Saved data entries
==*==

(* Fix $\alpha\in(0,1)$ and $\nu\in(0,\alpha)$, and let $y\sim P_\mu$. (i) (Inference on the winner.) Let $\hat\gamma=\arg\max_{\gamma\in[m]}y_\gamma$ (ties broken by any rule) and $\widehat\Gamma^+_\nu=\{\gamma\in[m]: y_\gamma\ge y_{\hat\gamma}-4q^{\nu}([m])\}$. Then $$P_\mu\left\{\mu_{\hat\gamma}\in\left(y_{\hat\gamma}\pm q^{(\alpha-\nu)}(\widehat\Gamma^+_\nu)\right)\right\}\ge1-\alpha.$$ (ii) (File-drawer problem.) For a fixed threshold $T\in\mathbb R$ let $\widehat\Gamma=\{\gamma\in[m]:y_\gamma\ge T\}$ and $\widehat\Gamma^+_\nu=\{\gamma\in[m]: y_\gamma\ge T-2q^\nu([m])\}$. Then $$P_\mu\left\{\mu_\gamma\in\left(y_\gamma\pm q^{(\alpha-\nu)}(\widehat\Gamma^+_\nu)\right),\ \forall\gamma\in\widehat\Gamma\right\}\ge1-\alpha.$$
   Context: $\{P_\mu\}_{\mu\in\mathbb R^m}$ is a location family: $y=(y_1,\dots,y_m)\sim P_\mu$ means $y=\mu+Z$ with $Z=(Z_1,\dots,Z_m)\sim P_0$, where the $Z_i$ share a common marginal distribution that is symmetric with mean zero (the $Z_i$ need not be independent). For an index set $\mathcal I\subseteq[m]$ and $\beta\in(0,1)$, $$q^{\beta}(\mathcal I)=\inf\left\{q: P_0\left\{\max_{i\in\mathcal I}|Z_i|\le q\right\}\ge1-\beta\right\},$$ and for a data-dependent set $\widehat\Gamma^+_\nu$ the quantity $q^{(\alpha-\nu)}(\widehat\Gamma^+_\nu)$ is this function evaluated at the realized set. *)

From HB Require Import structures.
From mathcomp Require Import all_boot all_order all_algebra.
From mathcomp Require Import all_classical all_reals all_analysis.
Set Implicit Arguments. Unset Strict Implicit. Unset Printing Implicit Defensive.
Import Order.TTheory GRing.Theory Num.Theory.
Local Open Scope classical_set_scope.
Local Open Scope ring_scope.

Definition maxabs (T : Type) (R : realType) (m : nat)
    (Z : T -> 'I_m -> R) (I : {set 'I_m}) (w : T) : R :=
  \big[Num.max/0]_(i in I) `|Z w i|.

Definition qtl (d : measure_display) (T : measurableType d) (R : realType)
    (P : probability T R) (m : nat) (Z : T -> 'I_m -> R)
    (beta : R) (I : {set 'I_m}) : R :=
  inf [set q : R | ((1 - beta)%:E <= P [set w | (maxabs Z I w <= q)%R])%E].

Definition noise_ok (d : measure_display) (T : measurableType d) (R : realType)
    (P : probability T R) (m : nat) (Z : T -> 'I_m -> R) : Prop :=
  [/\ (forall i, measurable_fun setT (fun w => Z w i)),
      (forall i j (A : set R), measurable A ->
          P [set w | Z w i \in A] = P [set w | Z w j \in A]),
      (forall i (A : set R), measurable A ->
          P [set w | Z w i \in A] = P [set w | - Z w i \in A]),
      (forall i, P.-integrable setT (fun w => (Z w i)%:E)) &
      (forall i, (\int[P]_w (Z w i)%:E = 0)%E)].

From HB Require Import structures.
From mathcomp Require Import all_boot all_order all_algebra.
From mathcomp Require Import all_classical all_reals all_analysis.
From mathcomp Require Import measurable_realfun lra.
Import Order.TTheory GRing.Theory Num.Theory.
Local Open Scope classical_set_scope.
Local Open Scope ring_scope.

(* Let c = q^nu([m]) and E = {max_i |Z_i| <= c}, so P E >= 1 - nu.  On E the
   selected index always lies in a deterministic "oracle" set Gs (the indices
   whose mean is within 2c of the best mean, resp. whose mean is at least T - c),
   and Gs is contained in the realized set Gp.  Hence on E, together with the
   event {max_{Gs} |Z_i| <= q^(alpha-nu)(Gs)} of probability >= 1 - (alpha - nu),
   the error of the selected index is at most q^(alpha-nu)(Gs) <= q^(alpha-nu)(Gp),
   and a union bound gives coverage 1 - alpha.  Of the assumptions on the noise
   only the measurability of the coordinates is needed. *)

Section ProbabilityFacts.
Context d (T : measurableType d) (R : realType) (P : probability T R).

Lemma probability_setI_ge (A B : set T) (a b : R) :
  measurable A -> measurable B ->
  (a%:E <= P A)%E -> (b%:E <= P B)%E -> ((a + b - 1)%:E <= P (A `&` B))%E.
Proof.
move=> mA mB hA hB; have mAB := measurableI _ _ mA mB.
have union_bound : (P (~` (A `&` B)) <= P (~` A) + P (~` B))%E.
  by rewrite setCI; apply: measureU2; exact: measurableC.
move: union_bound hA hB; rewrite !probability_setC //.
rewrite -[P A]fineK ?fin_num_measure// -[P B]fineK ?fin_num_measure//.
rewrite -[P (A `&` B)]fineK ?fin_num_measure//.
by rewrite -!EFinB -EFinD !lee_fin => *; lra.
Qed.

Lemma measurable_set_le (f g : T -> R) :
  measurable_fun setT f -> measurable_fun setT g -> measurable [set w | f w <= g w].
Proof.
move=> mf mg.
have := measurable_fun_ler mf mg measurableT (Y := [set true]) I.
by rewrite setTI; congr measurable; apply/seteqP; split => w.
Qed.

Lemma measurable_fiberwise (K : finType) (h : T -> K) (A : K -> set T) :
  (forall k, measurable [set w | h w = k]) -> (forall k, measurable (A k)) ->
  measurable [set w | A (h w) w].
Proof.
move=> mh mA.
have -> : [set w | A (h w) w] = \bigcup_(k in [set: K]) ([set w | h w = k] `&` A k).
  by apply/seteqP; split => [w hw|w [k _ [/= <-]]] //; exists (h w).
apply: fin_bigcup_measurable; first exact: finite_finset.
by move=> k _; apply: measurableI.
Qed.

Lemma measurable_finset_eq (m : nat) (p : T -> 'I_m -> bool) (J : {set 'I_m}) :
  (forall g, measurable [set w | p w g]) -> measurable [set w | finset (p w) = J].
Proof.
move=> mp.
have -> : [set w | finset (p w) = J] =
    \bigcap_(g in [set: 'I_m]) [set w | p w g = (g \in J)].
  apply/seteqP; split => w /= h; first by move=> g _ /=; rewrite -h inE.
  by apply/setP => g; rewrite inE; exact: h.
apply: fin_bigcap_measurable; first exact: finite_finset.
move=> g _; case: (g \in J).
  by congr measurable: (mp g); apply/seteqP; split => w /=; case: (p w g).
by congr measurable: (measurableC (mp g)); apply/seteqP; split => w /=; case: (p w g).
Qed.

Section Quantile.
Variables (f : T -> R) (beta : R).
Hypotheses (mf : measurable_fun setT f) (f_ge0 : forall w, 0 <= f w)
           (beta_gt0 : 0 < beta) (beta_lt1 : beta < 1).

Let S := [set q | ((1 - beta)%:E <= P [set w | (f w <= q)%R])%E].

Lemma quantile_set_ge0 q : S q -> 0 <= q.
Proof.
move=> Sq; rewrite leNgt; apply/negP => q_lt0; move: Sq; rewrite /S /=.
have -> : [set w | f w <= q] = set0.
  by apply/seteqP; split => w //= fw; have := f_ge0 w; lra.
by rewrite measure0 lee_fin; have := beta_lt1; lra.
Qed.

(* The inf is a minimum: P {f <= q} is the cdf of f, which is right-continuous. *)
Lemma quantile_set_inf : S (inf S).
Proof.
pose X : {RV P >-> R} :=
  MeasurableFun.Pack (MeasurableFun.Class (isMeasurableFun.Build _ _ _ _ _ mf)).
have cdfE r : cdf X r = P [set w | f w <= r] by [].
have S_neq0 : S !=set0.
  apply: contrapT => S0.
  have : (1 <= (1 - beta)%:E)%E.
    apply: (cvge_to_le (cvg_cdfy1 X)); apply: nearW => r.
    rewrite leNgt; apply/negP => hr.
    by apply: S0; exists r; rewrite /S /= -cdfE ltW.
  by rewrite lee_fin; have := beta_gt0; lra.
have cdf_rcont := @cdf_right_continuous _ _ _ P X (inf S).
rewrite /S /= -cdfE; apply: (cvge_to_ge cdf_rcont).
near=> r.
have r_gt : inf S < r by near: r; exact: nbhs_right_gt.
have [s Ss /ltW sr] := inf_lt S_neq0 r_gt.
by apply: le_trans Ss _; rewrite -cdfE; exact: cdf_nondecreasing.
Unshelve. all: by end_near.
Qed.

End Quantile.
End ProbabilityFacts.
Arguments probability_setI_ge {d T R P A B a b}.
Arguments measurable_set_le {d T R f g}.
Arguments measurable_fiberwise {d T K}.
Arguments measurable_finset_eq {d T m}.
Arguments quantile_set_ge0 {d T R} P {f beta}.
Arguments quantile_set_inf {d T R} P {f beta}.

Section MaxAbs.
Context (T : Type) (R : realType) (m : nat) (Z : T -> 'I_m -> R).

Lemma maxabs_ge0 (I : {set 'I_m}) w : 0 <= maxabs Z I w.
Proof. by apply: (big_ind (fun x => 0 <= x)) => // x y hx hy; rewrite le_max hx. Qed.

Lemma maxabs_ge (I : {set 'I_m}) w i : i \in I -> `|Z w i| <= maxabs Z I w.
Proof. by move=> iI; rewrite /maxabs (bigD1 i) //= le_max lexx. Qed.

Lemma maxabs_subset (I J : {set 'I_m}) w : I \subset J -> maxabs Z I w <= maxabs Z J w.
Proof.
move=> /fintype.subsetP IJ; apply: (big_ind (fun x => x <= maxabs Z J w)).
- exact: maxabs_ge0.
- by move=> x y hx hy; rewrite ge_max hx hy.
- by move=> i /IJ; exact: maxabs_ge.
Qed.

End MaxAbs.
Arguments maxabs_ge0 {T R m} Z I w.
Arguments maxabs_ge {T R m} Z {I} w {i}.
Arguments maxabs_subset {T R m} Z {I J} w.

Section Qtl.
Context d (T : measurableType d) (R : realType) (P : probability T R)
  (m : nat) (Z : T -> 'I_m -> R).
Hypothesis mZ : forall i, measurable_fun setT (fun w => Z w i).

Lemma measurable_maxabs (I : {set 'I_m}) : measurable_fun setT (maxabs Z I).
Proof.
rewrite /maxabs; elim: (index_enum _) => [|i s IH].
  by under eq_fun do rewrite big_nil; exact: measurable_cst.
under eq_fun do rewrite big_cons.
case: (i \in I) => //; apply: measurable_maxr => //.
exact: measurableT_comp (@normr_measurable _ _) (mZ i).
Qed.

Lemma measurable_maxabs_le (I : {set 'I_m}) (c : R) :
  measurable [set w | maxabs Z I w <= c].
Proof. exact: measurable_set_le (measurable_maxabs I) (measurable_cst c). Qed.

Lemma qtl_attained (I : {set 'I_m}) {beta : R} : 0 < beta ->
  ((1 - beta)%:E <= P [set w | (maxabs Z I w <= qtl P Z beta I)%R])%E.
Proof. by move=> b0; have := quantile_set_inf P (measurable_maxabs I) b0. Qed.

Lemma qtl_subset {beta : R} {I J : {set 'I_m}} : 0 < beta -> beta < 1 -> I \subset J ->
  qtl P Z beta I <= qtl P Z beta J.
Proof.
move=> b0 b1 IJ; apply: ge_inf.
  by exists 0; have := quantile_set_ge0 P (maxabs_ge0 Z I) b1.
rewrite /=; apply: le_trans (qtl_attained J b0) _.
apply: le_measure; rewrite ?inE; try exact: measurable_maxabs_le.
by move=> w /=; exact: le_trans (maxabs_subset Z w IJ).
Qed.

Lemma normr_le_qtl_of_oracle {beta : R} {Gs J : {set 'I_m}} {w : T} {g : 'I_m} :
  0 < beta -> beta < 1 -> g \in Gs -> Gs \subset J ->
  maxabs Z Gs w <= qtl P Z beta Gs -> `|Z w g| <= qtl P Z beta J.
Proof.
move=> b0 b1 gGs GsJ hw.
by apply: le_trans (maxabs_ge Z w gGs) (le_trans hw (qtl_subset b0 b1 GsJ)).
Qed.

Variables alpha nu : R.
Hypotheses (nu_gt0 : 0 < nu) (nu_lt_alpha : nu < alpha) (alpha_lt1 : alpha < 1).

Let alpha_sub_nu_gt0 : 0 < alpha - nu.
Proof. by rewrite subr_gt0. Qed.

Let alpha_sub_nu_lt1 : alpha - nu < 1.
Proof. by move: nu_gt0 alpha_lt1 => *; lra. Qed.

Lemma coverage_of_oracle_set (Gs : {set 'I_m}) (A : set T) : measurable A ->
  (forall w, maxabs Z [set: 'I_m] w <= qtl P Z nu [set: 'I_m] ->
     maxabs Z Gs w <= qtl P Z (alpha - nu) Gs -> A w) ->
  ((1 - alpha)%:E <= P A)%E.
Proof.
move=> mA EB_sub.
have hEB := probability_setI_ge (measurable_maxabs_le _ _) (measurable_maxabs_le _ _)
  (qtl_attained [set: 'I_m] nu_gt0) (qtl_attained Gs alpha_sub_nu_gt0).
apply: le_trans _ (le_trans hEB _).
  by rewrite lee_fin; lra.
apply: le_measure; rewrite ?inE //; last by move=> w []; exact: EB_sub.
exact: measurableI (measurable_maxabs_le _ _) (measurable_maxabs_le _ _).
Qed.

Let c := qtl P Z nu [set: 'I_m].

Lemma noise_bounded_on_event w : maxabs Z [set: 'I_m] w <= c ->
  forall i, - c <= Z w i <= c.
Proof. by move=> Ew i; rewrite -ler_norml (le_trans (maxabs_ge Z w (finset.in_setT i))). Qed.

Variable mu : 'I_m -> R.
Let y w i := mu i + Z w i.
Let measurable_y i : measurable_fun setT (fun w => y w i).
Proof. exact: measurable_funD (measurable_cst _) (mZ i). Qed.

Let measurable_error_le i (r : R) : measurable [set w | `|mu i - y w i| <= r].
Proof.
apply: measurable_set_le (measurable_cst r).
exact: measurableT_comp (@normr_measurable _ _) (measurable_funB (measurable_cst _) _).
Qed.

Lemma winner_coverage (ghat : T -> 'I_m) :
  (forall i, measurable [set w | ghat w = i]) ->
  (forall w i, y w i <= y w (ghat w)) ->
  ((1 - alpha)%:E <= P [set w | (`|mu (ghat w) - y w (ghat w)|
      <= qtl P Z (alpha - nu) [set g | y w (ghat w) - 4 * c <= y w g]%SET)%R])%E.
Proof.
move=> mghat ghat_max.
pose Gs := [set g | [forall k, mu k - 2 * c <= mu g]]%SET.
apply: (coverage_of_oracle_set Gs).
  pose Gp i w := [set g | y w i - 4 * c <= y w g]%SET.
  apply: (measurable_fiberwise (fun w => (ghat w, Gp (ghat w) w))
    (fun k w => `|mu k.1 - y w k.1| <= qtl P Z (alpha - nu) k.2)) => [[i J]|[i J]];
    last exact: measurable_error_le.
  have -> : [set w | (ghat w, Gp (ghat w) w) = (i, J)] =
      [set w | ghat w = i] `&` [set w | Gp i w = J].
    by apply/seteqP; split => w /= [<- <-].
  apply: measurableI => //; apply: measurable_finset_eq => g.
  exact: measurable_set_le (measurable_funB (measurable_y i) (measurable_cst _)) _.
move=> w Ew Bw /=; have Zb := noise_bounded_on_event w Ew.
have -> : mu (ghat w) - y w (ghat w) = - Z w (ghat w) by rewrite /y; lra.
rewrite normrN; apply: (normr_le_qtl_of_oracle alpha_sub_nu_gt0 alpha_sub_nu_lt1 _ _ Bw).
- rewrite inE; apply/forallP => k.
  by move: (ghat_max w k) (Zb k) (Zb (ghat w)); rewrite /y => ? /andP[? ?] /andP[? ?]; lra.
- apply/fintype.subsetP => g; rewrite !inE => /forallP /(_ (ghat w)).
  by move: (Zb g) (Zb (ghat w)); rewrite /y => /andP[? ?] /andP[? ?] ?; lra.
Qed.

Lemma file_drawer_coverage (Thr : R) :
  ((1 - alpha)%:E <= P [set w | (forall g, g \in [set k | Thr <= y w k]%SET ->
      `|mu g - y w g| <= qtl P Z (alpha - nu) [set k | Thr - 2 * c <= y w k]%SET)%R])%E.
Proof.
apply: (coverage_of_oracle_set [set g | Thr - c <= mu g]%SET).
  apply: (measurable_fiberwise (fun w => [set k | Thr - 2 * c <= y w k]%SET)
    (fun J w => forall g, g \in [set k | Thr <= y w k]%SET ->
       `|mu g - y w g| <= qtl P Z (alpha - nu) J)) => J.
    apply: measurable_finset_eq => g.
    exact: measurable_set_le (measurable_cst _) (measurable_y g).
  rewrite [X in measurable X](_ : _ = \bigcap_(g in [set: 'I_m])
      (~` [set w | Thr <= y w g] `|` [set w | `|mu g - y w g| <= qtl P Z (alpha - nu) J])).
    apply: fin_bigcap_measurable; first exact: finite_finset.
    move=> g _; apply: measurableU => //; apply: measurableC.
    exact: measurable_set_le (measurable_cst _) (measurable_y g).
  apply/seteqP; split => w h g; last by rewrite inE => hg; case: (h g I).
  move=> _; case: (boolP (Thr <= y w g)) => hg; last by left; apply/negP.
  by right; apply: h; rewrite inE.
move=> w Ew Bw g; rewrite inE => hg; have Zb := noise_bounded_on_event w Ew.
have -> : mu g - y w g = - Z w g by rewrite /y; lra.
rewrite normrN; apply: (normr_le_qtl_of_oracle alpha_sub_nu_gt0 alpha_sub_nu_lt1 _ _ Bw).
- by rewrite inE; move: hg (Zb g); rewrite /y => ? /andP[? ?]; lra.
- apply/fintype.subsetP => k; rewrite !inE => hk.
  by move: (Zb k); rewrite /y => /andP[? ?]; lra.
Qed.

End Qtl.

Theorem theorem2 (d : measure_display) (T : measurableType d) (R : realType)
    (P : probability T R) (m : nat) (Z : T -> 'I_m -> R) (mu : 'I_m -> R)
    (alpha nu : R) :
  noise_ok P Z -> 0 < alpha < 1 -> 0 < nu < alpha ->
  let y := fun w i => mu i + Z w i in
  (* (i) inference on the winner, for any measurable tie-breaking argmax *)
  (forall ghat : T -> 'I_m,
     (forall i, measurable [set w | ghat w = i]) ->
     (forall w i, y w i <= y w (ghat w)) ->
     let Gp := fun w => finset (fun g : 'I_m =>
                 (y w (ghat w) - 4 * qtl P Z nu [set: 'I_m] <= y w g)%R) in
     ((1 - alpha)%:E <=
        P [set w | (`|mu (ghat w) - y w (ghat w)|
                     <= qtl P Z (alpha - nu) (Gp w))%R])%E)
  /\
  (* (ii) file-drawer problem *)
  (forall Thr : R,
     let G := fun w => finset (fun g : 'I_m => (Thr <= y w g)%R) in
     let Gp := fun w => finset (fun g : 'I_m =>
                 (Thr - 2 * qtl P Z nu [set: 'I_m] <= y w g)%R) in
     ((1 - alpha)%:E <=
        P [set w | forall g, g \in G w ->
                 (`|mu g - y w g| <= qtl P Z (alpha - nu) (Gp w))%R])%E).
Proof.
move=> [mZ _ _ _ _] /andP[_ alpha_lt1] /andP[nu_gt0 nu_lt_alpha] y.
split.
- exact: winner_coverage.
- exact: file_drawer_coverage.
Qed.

==*==

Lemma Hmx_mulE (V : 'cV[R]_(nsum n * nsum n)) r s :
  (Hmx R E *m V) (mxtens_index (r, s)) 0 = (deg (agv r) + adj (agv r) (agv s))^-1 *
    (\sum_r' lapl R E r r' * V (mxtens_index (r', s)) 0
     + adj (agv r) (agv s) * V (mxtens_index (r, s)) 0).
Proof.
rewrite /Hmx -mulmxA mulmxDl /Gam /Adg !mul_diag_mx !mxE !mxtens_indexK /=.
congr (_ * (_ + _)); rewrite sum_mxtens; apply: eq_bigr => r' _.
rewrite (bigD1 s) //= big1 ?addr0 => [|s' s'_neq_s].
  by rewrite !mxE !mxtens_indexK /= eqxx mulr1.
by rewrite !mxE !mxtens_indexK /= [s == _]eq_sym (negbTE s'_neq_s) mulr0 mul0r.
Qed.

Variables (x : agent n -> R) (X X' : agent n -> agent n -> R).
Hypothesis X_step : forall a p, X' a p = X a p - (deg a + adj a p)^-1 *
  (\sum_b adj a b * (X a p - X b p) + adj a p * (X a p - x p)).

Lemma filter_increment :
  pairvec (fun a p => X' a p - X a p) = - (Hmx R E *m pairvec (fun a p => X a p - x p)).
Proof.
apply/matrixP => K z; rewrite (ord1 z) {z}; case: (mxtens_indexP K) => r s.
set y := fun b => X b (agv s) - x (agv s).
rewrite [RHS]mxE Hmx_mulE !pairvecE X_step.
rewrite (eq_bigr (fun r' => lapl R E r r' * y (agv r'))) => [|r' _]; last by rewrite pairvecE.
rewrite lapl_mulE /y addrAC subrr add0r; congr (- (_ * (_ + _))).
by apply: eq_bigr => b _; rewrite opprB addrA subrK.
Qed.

==*==

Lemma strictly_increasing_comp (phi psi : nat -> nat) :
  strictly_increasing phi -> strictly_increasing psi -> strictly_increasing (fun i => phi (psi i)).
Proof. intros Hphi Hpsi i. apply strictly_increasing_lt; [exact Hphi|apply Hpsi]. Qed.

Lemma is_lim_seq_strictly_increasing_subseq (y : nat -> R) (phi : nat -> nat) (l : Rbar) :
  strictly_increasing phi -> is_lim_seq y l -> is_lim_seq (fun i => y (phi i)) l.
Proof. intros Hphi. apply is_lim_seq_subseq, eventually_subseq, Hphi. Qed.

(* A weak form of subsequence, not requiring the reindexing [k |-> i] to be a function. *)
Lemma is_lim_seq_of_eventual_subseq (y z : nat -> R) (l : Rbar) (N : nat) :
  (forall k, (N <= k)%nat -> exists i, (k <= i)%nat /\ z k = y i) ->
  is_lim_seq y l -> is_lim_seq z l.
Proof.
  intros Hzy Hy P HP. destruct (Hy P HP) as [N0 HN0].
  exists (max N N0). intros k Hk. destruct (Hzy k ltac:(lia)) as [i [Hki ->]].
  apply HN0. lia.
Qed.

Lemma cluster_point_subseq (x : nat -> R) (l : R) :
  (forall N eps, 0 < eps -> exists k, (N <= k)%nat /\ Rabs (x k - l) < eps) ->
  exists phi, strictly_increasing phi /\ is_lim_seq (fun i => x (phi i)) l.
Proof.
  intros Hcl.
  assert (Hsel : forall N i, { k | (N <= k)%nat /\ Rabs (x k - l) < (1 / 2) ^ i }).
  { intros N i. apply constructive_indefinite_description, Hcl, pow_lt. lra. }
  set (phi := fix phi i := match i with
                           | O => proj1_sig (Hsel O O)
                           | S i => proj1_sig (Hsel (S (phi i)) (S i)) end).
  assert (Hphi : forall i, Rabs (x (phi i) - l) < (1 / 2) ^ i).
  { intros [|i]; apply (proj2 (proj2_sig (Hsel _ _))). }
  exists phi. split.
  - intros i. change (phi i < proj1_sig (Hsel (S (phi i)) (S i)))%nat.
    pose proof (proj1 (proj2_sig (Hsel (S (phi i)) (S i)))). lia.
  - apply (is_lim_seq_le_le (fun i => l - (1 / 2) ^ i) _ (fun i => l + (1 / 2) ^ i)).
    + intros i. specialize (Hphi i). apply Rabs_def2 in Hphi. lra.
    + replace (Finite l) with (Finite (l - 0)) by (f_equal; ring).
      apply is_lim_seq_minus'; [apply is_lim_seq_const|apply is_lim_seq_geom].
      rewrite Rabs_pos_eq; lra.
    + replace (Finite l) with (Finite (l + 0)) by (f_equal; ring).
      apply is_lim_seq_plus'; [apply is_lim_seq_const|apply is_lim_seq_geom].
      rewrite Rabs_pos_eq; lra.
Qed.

==*==

◆ **Your task**
The entries above hold the needed span. Transcribe exactly the lines from the one with "(* A weak form" to the one with "- intros i.", both included.

◆ **Task result**
(* A weak form of subsequence, not requiring the reindexing [k |-> i] to be a function. *)
Lemma is_lim_seq_of_eventual_subseq (y z : nat -> R) (l : Rbar) (N : nat) :
  (forall k, (N <= k)%nat -> exists i, (k <= i)%nat /\ z k = y i) ->
  is_lim_seq y l -> is_lim_seq z l.
Proof.
  intros Hzy Hy P HP. destruct (Hy P HP) as [N0 HN0].
  exists (max N N0). intros k Hk. destruct (Hzy k ltac:(lia)) as [i [Hki ->]].
  apply HN0. lia.
Qed.

Lemma cluster_point_subseq (x : nat -> R) (l : R) :
  (forall N eps, 0 < eps -> exists k, (N <= k)%nat /\ Rabs (x k - l) < eps) ->
  exists phi, strictly_increasing phi /\ is_lim_seq (fun i => x (phi i)) l.
Proof.
  intros Hcl.
  assert (Hsel : forall N i, { k | (N <= k)%nat /\ Rabs (x k - l) < (1 / 2) ^ i }).
  { intros N i. apply constructive_indefinite_description, Hcl, pow_lt. lra. }
  set (phi := fix phi i := match i with
                           | O => proj1_sig (Hsel O O)
                           | S i => proj1_sig (Hsel (S (phi i)) (S i)) end).
  assert (Hphi : forall i, Rabs (x (phi i) - l) < (1 / 2) ^ i).
  { intros [|i]; apply (proj2 (proj2_sig (Hsel _ _))). }
  exists phi. split.
  - intros i. change (phi i < proj1_sig (Hsel (S (phi i)) (S i)))%nat.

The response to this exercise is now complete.